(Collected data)
◆ ◆ ◆

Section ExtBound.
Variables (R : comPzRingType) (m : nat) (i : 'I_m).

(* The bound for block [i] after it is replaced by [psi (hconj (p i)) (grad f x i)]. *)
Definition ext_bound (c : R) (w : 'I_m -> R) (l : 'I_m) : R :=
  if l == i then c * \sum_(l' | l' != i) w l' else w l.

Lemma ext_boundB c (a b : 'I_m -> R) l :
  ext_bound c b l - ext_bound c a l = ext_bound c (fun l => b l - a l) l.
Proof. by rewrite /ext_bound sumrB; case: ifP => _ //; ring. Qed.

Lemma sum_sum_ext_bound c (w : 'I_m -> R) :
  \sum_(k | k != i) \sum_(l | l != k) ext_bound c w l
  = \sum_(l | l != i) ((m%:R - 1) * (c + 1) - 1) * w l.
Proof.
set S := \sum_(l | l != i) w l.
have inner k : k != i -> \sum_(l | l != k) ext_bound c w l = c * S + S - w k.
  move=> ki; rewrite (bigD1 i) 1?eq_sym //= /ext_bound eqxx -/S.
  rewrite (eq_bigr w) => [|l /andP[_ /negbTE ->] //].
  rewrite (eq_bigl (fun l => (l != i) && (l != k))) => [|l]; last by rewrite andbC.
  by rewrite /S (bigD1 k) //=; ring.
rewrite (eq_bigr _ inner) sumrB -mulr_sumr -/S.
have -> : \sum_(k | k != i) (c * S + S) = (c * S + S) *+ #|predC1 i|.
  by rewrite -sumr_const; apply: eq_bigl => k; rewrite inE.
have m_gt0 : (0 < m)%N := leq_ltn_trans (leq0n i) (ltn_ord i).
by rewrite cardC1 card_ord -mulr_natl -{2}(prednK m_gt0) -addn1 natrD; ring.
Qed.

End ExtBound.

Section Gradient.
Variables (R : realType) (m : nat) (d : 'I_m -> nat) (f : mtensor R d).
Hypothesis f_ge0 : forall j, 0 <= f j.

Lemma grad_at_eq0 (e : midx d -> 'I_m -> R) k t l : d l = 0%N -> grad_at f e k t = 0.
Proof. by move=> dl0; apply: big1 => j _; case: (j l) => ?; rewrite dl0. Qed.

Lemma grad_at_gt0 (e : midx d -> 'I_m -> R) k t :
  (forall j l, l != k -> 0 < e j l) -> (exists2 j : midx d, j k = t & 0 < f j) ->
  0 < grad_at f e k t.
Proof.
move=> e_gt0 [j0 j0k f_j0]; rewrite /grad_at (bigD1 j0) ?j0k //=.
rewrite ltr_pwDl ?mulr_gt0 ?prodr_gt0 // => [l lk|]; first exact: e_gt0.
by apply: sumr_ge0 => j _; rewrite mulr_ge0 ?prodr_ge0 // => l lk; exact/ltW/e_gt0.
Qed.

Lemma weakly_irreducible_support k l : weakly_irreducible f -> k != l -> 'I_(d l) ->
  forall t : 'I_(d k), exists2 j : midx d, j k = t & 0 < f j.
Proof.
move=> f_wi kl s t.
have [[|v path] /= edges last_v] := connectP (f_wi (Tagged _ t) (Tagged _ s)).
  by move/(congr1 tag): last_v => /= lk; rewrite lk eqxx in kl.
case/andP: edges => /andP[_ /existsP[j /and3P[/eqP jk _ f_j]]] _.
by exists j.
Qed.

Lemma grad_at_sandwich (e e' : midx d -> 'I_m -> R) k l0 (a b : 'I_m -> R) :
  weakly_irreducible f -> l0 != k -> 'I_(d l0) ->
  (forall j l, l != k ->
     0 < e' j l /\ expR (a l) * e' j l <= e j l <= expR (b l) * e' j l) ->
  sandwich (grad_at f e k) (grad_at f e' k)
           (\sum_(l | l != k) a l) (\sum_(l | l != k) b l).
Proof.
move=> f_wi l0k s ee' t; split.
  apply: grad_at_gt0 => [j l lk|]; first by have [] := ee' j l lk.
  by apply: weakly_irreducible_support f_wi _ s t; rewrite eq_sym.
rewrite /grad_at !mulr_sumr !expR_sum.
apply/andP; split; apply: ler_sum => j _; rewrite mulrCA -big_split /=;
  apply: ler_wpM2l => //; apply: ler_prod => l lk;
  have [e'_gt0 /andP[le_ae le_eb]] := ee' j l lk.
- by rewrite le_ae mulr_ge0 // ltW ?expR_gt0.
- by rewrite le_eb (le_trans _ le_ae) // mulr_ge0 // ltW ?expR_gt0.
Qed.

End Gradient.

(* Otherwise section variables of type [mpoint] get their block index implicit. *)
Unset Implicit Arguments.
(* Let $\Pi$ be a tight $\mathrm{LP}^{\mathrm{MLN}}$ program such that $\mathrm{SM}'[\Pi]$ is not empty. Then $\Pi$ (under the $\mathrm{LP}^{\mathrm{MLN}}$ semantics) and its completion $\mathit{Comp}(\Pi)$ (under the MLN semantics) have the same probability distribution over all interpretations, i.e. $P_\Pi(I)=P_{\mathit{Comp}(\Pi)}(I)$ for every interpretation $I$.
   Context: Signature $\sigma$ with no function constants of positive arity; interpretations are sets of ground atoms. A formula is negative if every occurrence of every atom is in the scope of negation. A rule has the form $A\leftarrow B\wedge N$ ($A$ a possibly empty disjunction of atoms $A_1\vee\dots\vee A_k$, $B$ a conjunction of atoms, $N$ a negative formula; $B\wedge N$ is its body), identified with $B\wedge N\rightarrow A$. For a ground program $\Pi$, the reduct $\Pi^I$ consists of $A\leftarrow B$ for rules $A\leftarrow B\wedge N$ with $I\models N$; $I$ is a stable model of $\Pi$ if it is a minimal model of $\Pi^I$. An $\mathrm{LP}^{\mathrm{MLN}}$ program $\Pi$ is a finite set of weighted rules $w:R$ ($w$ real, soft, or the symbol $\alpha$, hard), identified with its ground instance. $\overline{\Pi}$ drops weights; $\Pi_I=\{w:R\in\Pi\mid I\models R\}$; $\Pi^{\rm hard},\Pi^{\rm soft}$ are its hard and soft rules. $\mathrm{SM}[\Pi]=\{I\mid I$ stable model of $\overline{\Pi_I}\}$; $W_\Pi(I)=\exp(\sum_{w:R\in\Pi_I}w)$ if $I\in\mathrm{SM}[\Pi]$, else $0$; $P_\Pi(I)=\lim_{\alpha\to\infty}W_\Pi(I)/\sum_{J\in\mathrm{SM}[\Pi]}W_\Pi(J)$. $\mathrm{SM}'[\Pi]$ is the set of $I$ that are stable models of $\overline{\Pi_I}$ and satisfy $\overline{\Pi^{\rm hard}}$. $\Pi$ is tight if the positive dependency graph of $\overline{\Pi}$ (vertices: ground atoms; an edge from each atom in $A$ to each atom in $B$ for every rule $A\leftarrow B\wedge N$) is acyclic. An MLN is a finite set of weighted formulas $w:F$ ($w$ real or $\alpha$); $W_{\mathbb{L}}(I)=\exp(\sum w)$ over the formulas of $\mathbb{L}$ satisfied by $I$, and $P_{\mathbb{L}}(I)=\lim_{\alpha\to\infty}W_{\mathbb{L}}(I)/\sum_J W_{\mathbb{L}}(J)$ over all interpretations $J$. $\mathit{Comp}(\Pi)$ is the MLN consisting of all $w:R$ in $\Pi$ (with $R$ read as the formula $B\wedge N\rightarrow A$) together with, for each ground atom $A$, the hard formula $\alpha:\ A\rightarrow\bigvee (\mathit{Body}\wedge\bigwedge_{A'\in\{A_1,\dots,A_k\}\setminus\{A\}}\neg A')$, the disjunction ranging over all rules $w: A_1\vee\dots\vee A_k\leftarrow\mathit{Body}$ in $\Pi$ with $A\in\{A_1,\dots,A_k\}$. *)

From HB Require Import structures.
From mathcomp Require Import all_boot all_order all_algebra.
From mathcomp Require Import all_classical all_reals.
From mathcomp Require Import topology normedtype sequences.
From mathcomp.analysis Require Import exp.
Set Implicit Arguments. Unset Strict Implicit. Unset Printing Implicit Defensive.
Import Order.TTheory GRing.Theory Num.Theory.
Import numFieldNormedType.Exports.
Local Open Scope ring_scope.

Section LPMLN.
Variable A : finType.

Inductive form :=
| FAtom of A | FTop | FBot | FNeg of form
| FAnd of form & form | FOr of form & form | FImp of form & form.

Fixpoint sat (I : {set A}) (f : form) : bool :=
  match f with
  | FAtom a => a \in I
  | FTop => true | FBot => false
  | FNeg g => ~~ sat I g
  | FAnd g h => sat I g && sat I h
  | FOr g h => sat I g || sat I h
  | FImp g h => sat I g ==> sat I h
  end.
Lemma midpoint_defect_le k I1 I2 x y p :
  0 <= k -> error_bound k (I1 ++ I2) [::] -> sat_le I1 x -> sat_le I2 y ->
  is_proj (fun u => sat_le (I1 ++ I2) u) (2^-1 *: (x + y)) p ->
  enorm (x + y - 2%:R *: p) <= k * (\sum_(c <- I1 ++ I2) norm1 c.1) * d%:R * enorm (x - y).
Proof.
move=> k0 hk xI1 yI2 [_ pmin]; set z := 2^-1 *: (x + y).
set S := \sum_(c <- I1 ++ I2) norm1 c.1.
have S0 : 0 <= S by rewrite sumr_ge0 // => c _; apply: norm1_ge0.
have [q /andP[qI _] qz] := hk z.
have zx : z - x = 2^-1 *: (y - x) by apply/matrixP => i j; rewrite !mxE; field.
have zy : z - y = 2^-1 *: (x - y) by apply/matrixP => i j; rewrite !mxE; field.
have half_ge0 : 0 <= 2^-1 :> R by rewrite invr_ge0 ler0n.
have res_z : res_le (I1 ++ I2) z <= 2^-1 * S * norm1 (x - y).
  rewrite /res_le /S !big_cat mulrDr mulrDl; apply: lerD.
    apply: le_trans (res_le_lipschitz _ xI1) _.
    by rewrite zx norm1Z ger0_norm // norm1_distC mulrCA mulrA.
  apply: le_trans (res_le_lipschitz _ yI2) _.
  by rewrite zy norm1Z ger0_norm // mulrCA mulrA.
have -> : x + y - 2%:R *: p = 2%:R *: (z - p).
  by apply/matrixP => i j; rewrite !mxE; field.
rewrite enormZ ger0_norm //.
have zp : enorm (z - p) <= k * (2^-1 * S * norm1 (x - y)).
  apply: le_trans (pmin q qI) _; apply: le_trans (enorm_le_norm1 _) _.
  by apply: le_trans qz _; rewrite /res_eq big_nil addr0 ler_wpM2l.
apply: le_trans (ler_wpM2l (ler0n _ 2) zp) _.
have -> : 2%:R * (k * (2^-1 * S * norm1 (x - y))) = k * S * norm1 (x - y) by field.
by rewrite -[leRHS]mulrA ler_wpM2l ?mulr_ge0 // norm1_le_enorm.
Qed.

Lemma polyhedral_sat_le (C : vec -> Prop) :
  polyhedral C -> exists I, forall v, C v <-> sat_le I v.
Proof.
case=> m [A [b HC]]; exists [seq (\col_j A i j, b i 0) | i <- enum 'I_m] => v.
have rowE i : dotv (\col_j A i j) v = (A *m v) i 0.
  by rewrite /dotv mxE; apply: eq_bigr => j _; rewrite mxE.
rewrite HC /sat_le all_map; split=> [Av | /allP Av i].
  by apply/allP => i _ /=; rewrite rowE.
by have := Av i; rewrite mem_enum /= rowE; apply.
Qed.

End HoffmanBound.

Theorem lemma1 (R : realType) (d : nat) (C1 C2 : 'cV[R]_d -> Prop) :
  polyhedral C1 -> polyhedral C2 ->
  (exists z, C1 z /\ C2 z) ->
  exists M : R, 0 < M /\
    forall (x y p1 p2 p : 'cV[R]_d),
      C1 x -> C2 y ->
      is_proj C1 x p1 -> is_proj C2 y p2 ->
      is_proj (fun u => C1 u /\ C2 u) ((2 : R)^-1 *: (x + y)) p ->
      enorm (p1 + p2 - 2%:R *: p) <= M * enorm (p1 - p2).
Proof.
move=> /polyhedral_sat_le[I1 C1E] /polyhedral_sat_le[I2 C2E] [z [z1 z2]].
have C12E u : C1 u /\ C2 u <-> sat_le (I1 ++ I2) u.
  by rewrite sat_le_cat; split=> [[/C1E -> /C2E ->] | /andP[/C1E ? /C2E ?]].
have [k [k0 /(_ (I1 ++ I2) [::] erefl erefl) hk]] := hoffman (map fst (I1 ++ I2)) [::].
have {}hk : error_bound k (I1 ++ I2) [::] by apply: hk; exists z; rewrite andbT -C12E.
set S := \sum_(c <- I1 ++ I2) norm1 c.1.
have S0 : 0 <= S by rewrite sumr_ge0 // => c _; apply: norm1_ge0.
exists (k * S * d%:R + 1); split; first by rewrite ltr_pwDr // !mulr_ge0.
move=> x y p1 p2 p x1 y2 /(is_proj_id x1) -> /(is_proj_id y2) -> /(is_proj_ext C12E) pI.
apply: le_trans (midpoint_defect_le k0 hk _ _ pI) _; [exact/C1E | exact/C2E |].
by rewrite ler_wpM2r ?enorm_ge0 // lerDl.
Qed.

◆ ◆ ◆

BRIEF - What you return should be the lines from the beginning of the records through the one that contains "ext_bound c b", repeated exactly and with no additions.

OUTPUT BELOW -
Section ExtBound.
Variables (R : comPzRingType) (m : nat) (i : 'I_m).

(* The bound for block [i] after it is replaced by [psi (hconj (p i)) (grad f x i)]. *)
Definition ext_bound (c : R) (w : 'I_m -> R) (l : 'I_m) : R :=
  if l == i then c * \sum_(l' | l' != i) w l' else w l.

Lemma ext_boundB c (a b : 'I_m -> R) l :
  ext_bound c b l - ext_bound c a l = ext_bound c (fun l => b l - a l) l.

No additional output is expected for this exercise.